TASK MATERIAL

-*-*-

(* For every $(g,n)\in Q\rtimes\mathbb{Z}$ we have $\det\bigl((g,n);\tau_q\bigr)=q^{-n}$.
   Context: All representations are over $\overline{\mathbb{Q}}_\ell$, $\ell$ an odd prime. Let $q=2^f$ with $f\ge1$. Let $Q\subset \mathit{GL}_3(\mathbb{F}_4)$ be the group of matrices $g(\alpha,\beta,\gamma)=\begin{pmatrix}\alpha&\beta&\gamma\\0&\alpha^2&\beta^2\\0&0&\alpha\end{pmatrix}$ with $\alpha\in\mathbb{F}_4^\times$, $\beta,\gamma\in\mathbb{F}_4$, $\alpha\gamma^2+\alpha^2\gamma=\beta^3$. Let $Q\rtimes\mathbb{Z}$ be the semidirect product where $r\in\mathbb{Z}$ acts by $g(\alpha,\beta,\gamma)\mapsto g(\alpha^{q^r},\beta^{q^r},\gamma^{q^r})$. Fix $\bar\zeta_3\in\mathbb{F}_4\setminus\mathbb{F}_2$. Let $Q_8=\{g(1,\beta,\gamma)\in Q\}$; $C_4\subset Q_8$ the cyclic subgroup of order 4 generated by $g(1,1,\bar\zeta_3)$; $Z=\{g(1,0,0),g(1,0,1)\}$; $C_3=\{g(\alpha,0,0)\}$; $C_6=Z\times C_3$. Fix a faithful character $\phi$ of $C_4$; let $\tau$ be the unique irreducible two-dimensional representation of $Q$ with $\tau|_Z\simeq(\phi|_Z)^{\oplus2}$ and $\operatorname{Tr}\tau(g(\alpha,0,0))=-1$ for $\alpha\in\mathbb{F}_4\setminus\mathbb{F}_2$. Fix $(-2)^{1/2}\in\overline{\mathbb{Q}}_\ell$, with $(-2)^{m/2}=((-2)^{1/2})^m$. The representation $\tau_q$ of $Q\rtimes\mathbb{Z}$ is defined as follows. If $f$ is even, $Q\rtimes\mathbb{Z}=Q\times\mathbb{Z}$ and $\tau_q$ is the representation with $\tau_q|_Q\simeq\tau$ and $(g(1,0,0),1)$ acting by the scalar $(-2)^{-f/2}$. If $f$ is odd: let $C\subset Q_8\rtimes\mathbb{Z}$ be the subgroup of $(g,n)$ with $g\in C_4$ if $n$ even and $g\in Q_8\setminus C_4$ if $n$ odd; fix $\eta$ with $\eta^2+(-2)^{(f+1)/2}\eta+q=0$; let $\phi_1$ be the character of $C$ with $\phi_1((g(1,\bar\zeta_3,\bar\zeta_3),1))=\eta q^{-1}$, $\phi_1((g(1,0,0),2))=-q^{-1}$; let $\phi_2$ be the character of $C_6\rtimes\mathbb{Z}$ with $\phi_2|_{C_6}=\phi|_Z\otimes1_{C_3}$ and $\phi_2((g(1,0,0),1))=(-2)^{f/2}q^{-1}$; there is a surjective $Q\rtimes\mathbb{Z}$-homomorphism $\Psi\colon\operatorname{Ind}_C^{Q\rtimes\mathbb{Z}}\phi_1\to\operatorname{Ind}_{C_6\rtimes\mathbb{Z}}^{Q\rtimes\mathbb{Z}}\phi_2$, unique up to scalar, and $\tau_q:=\ker\Psi$ (two-dimensional). *)

From HB Require Import structures.
From mathcomp Require Import all_boot all_order all_algebra all_field.
Set Implicit Arguments. Unset Strict Implicit. Unset Printing Implicit Defensive.
Import Order.TTheory GRing.Theory Num.Theory.
Local Open Scope ring_scope.

(* The finite field F_4 is taken to be an arbitrary finite field F4 with     *)
(* #|F4| = 4 (unique up to isomorphism).  Representations are over an        *)
(* arbitrary algebraically closed field F of characteristic 0 (this covers   *)
(* Qbar_ell).                                                                *)

Definition gm (F4 : finFieldType) (a b c : F4) : 'M[F4]_3 :=
  \matrix_(i < 3, j < 3)
    nth 0 (nth [::] [:: [:: a; b; c]; [:: 0; a ^+ 2; b ^+ 2]; [:: 0; 0; a]] i) j.

Definition inQ (F4 : finFieldType) (A : 'M[F4]_3) : Prop :=
  exists a b c : F4, [/\ a != 0, a * c ^+ 2 + a ^+ 2 * c = b ^+ 3 & A = gm a b c].

Definition inQ8 (F4 : finFieldType) (A : 'M[F4]_3) : Prop :=
  inQ A /\ exists b c : F4, A = gm 1 b c.

Definition inC4 (F4 : finFieldType) (zeta : F4) (A : 'M[F4]_3) : Prop :=
  exists k : nat, A = gm 1 1 zeta ^+ k.

Definition inZ (F4 : finFieldType) (A : 'M[F4]_3) : Prop :=
  A = gm 1 0 0 \/ A = gm 1 0 1.

Definition inC3 (F4 : finFieldType) (A : 'M[F4]_3) : Prop :=
  exists a : F4, a != 0 /\ A = gm a 0 0.

Definition inC6 (F4 : finFieldType) (A : 'M[F4]_3) : Prop :=
  exists z c, [/\ inZ z, inC3 c & A = z *m c].

(* The action of r in Z on F_4:  x |-> x^(q^r), q = 2^f.  For r < 0 this is
   the inverse of x |-> x^(q^|r|); since x^4 = x on F_4, the Frobenius of F_4
   is an involution, so this inverse is again x |-> x^(2^(f|r|)). *)
Definition frob (F4 : finFieldType) (f : nat) (r : int) (x : F4) : F4 :=
  x ^+ (2 ^ (f * `|r|)%N).

Definition frobmx (F4 : finFieldType) (f : nat) (r : int) (A : 'M[F4]_3) :=
  map_mx (frob f r) A.

Definition inG (F4 : finFieldType) (x : 'M[F4]_3 * int) : Prop := inQ x.1.

Definition gmul (F4 : finFieldType) (f : nat) (x y : 'M[F4]_3 * int)
  : 'M[F4]_3 * int :=
  (x.1 *m frobmx f x.2 y.1, x.2 + y.2).

Definition gone (F4 : finFieldType) : 'M[F4]_3 * int := (1%:M, 0).

Definition is_character (T : Type) (R : fieldType) (H : T -> Prop)
    (mul : T -> T -> T) (chi : T -> R) : Prop :=
  (forall x, H x -> chi x != 0) /\
  (forall x y, H x -> H y -> chi (mul x y) = chi x * chi y).

Definition faithful_char_C4 (F4 : finFieldType) (R : fieldType) (zeta : F4)
    (phi : 'M[F4]_3 -> R) : Prop :=
  is_character (R := R) (@inC4 F4 zeta) (@mulmx F4 3 3 3) phi /\
  (forall A B, inC4 zeta A -> inC4 zeta B -> phi A = phi B -> A = B).

Definition is_repQ (F4 : finFieldType) (R : fieldType) (d : nat)
    (rho : 'M[F4]_3 -> 'M[R]_d) : Prop :=
  rho 1%:M = 1%:M /\
  (forall A B, inQ A -> inQ B -> rho (A *m B) = rho A *m rho B).

Definition is_repG (F4 : finFieldType) (R : fieldType) (f d : nat)
    (rho : 'M[F4]_3 * int -> 'M[R]_d) : Prop :=
  rho (gone F4) = 1%:M /\
  (forall x y, inG x -> inG y -> rho (gmul f x y) = rho x *m rho y).

Definition irreducibleQ (F4 : finFieldType) (R : fieldType) (d : nat)
    (rho : 'M[F4]_3 -> 'M[R]_d) : Prop :=
  (0 < d)%N /\
  forall U : 'M[R]_d, (forall A, inQ A -> (U *m rho A <= U)%MS) ->
    U = 0 \/ row_full U.

Definition is_tau (F4 : finFieldType) (R : fieldType)
    (phi : 'M[F4]_3 -> R) (tau : 'M[F4]_3 -> 'M[R]_2) : Prop :=
  [/\ is_repQ tau, irreducibleQ tau,
      (exists P : 'M[R]_2, P \in unitmx /\
         forall z, inZ z -> tau z = invmx P *m (phi z)%:M *m P)
    & forall a : F4, a != 0 -> a != 1 -> \tr (tau (gm a 0 0)) = -1].

(* tau_q for f even: tau_q|_Q ~ tau and (g(1,0,0),1) acts by (-2)^{-f/2},
   where (-2)^{m/2} := s^m for the fixed square root s of -2 *)
Definition is_tau_q_even (F4 : finFieldType) (R : fieldType) (f : nat)
    (phi : 'M[F4]_3 -> R) (s : R) (rho : 'M[F4]_3 * int -> 'M[R]_2) : Prop :=
  [/\ is_repG f rho,
      exists tau, is_tau phi tau /\
        exists P : 'M[R]_2, P \in unitmx /\
          forall A, inQ A -> rho (A, 0) = invmx P *m tau A *m P
    & rho (gm 1 0 0, 1) = (s ^ (- (f%:Z)))%:M].

(* Ind_H^G chi realised as { v : G -> R | v(h x) = chi(h) v(x) }, G acting by
   right translation (x . v)(y) = v(y x); functions are required to vanish
   outside G. *)
Definition inInd (F4 : finFieldType) (R : fieldType) (f : nat)
    (H : 'M[F4]_3 * int -> Prop) (chi : 'M[F4]_3 * int -> R)
    (v : 'M[F4]_3 * int -> R) : Prop :=
  (forall x, ~ inG x -> v x = 0) /\
  (forall h x, H h -> inG x -> v (gmul f h x) = chi h * v x).

Definition gact (F4 : finFieldType) (R : Type) (f : nat)
    (g : 'M[F4]_3 * int) (v : 'M[F4]_3 * int -> R) : 'M[F4]_3 * int -> R :=
  fun y => v (gmul f y g).

Definition inC (F4 : finFieldType) (zeta : F4) (x : 'M[F4]_3 * int) : Prop :=
  inQ8 x.1 /\ (if odd `|x.2|%N then ~ inC4 zeta x.1 else inC4 zeta x.1).

Definition inC6Z (F4 : finFieldType) (x : 'M[F4]_3 * int) : Prop := inC6 x.1.

Definition is_phi1 (F4 : finFieldType) (R : fieldType) (f : nat) (zeta : F4)
    (eta : R) (phi1 : 'M[F4]_3 * int -> R) : Prop :=
  let q : R := (2 ^ f)%:R in
  [/\ is_character (inC zeta) (gmul f) phi1,
      phi1 (gm 1 zeta zeta, 1) = eta / q
    & phi1 (gm 1 0 0, 2) = - q^-1].

Definition is_phi2 (F4 : finFieldType) (R : fieldType) (f : nat)
    (phi : 'M[F4]_3 -> R) (s : R) (phi2 : 'M[F4]_3 * int -> R) : Prop :=
  let q : R := (2 ^ f)%:R in
  [/\ is_character (@inC6Z F4) (gmul f) phi2,
      (forall z c, inZ z -> inC3 c -> phi2 (z *m c, 0) = phi z)
    & phi2 (gm 1 0 0, 1) = s ^ (f%:Z) / q].

Definition is_Psi (F4 : finFieldType) (R : fieldType) (f : nat) (zeta : F4)
    (phi1 phi2 : 'M[F4]_3 * int -> R)
    (Psi : ('M[F4]_3 * int -> R) -> ('M[F4]_3 * int -> R)) : Prop :=
  let I1 := inInd f (inC zeta) phi1 in
  let I2 := inInd f (@inC6Z F4) phi2 in
  [/\ forall v, I1 v -> I2 (Psi v),
      forall a v w, I1 v -> I1 w ->
        Psi (fun y => a * v y + w y) = (fun y => a * Psi v y + Psi w y),
      forall g v, inG g -> I1 v -> Psi (gact f g v) = gact f g (Psi v)
    & forall w, I2 w -> exists2 v, I1 v & Psi v = w].

(* tau_q := ker Psi ; b is a basis of ker Psi *)
Definition is_ker_basis (F4 : finFieldType) (R : fieldType) (f : nat)
    (zeta : F4) (phi1 : 'M[F4]_3 * int -> R)
    (Psi : ('M[F4]_3 * int -> R) -> ('M[F4]_3 * int -> R))
    (b : 'I_2 -> 'M[F4]_3 * int -> R) : Prop :=
  let K v := inInd f (inC zeta) phi1 v /\ Psi v = (fun _ => 0) in
  [/\ forall i, K (b i),
      forall c : 'I_2 -> R, (fun y => \sum_i c i * b i y) = (fun _ => 0) ->
        forall i, c i = 0
    & forall v, K v -> exists c : 'I_2 -> R, v = (fun y => \sum_i c i * b i y)].

Definition is_action_matrix (F4 : finFieldType) (R : fieldType) (f : nat)
    (b : 'I_2 -> 'M[F4]_3 * int -> R) (g : 'M[F4]_3 * int) (M : 'M[R]_2)
    : Prop :=
  forall j, gact f g (b j) = (fun y => \sum_i M i j * b i y).

From HB Require Import structures.
From mathcomp Require Import all_boot all_order all_algebra all_field.
From Stdlib Require Import ClassicalEpsilon FunctionalExtensionality Classical_Prop.
From mathcomp Require Import ring zify.
Set Implicit Arguments. Unset Strict Implicit. Unset Printing Implicit Defensive.
Import GRing.Theory.
Local Open Scope ring_scope.

(* The determinant of tau_q is a character of Q x| Z.  Since Q = Q_8 x| C_3 is
   SL_2(F_3), whose abelianization is generated by c = g(zeta,0,0), such a
   character is determined by its values at c and at (1, 1), and equals
   det (1, 1) ^ n at (h, n) once it is trivial at c.

   For f even, tau_q restricts to tau on Q and det tau(c) = 1 because tau(c)
   has order 3 and trace -1; (1, 1) acts by the scalar (-2)^(-f/2), whose
   determinant is 1/q.

   For f odd, tau_q is realized on ker Psi.  The element (1, 2) is central and
   lies in C, so it acts by phi_1((1, 2)) = -1/q and t = tau_q(1, 1) satisfies
   t^2 = -1/q.  Conjugation by (1, 1) maps c to c^2, which forces
   det tau_q(c) = 1.  Finally det t = 1/q unless t is scalar; a scalar t would
   give tau_q(c) = tau_q(c^2), hence a trivial action of Q on ker Psi, which is
   impossible since g(1,1,zeta) lies in C and phi_1 is not trivial on it. *)

Section F4Arith.
Variable F4 : finFieldType.
Hypothesis card4 : #|F4| = 4%N.

Lemma F4_expr4 (x : F4) : x ^+ 4 = x.
Proof. by rewrite -{2}(expf_card x) card4. Qed.

Lemma F4_sqrK (x : F4) : x ^+ 2 ^+ 2 = x.
Proof. by rewrite -exprM F4_expr4. Qed.

Lemma F4_pchar2 : 2%N \in [pchar F4].
Proof.
have := F4_expr4 (-1); rewrite -signr_odd /= expr0 => m1.
by rewrite inE /= -[2%:R]/(1 + 1 : F4) {1}m1 addNr.
Qed.

Lemma F4_addxx (x : F4) : x + x = 0.
Proof. exact: (addrr_pchar2 F4_pchar2). Qed.

Lemma F4_sqrD (x y : F4) : (x + y) ^+ 2 = x ^+ 2 + y ^+ 2.
Proof. by rewrite sqrrD (mulrn_pchar F4_pchar2) addr0. Qed.

Lemma F4_expr3 (x : F4) : x != 0 -> x ^+ 3 = 1.
Proof. by move=> x0; apply: (mulfI x0); rewrite -exprS F4_expr4 mulr1. Qed.

Lemma F4_sqr_add0 (c : F4) : c ^+ 2 + c = 0 -> c = 0 \/ c = 1.
Proof.
move=> cc; have : c * (c + 1) == 0 by rewrite mulrDr mulr1 -expr2 cc.
rewrite mulf_eq0 addr_eq0 (oppr_pchar2 F4_pchar2).
by case/orP => /eqP; [left | right].
Qed.

Variable zeta : F4.
Hypotheses (zeta0 : zeta != 0) (zeta1 : zeta != 1).

Lemma F4_zeta_sqr : zeta ^+ 2 + zeta = 1.
Proof.
have : (zeta - 1) * (zeta ^+ 2 + zeta + 1) = 0.
  transitivity (zeta ^+ 3 - 1); first by ring.
  by rewrite F4_expr3 // subrr.
move/eqP; rewrite mulf_eq0 subr_eq0 (negbTE zeta1) /= addr_eq0.
by rewrite (oppr_pchar2 F4_pchar2) => /eqP.
Qed.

-*-*-

WORK ORDER
Above are the entries. Output exactly the lines beginning with the line that has "is an involution, so" and ending with the line that has "is_character (R := R)".

SOLUTION TO THIS TASK
   is an involution, so this inverse is again x |-> x^(2^(f|r|)). *)
Definition frob (F4 : finFieldType) (f : nat) (r : int) (x : F4) : F4 :=
  x ^+ (2 ^ (f * `|r|)%N).

Definition frobmx (F4 : finFieldType) (f : nat) (r : int) (A : 'M[F4]_3) :=
  map_mx (frob f r) A.

Definition inG (F4 : finFieldType) (x : 'M[F4]_3 * int) : Prop := inQ x.1.

Definition gmul (F4 : finFieldType) (f : nat) (x y : 'M[F4]_3 * int)
  : 'M[F4]_3 * int :=
  (x.1 *m frobmx f x.2 y.1, x.2 + y.2).

Definition gone (F4 : finFieldType) : 'M[F4]_3 * int := (1%:M, 0).

Definition is_character (T : Type) (R : fieldType) (H : T -> Prop)
    (mul : T -> T -> T) (chi : T -> R) : Prop :=
  (forall x, H x -> chi x != 0) /\
  (forall x y, H x -> H y -> chi (mul x y) = chi x * chi y).

Definition faithful_char_C4 (F4 : finFieldType) (R : fieldType) (zeta : F4)
    (phi : 'M[F4]_3 -> R) : Prop :=
  is_character (R := R) (@inC4 F4 zeta) (@mulmx F4 3 3 3) phi /\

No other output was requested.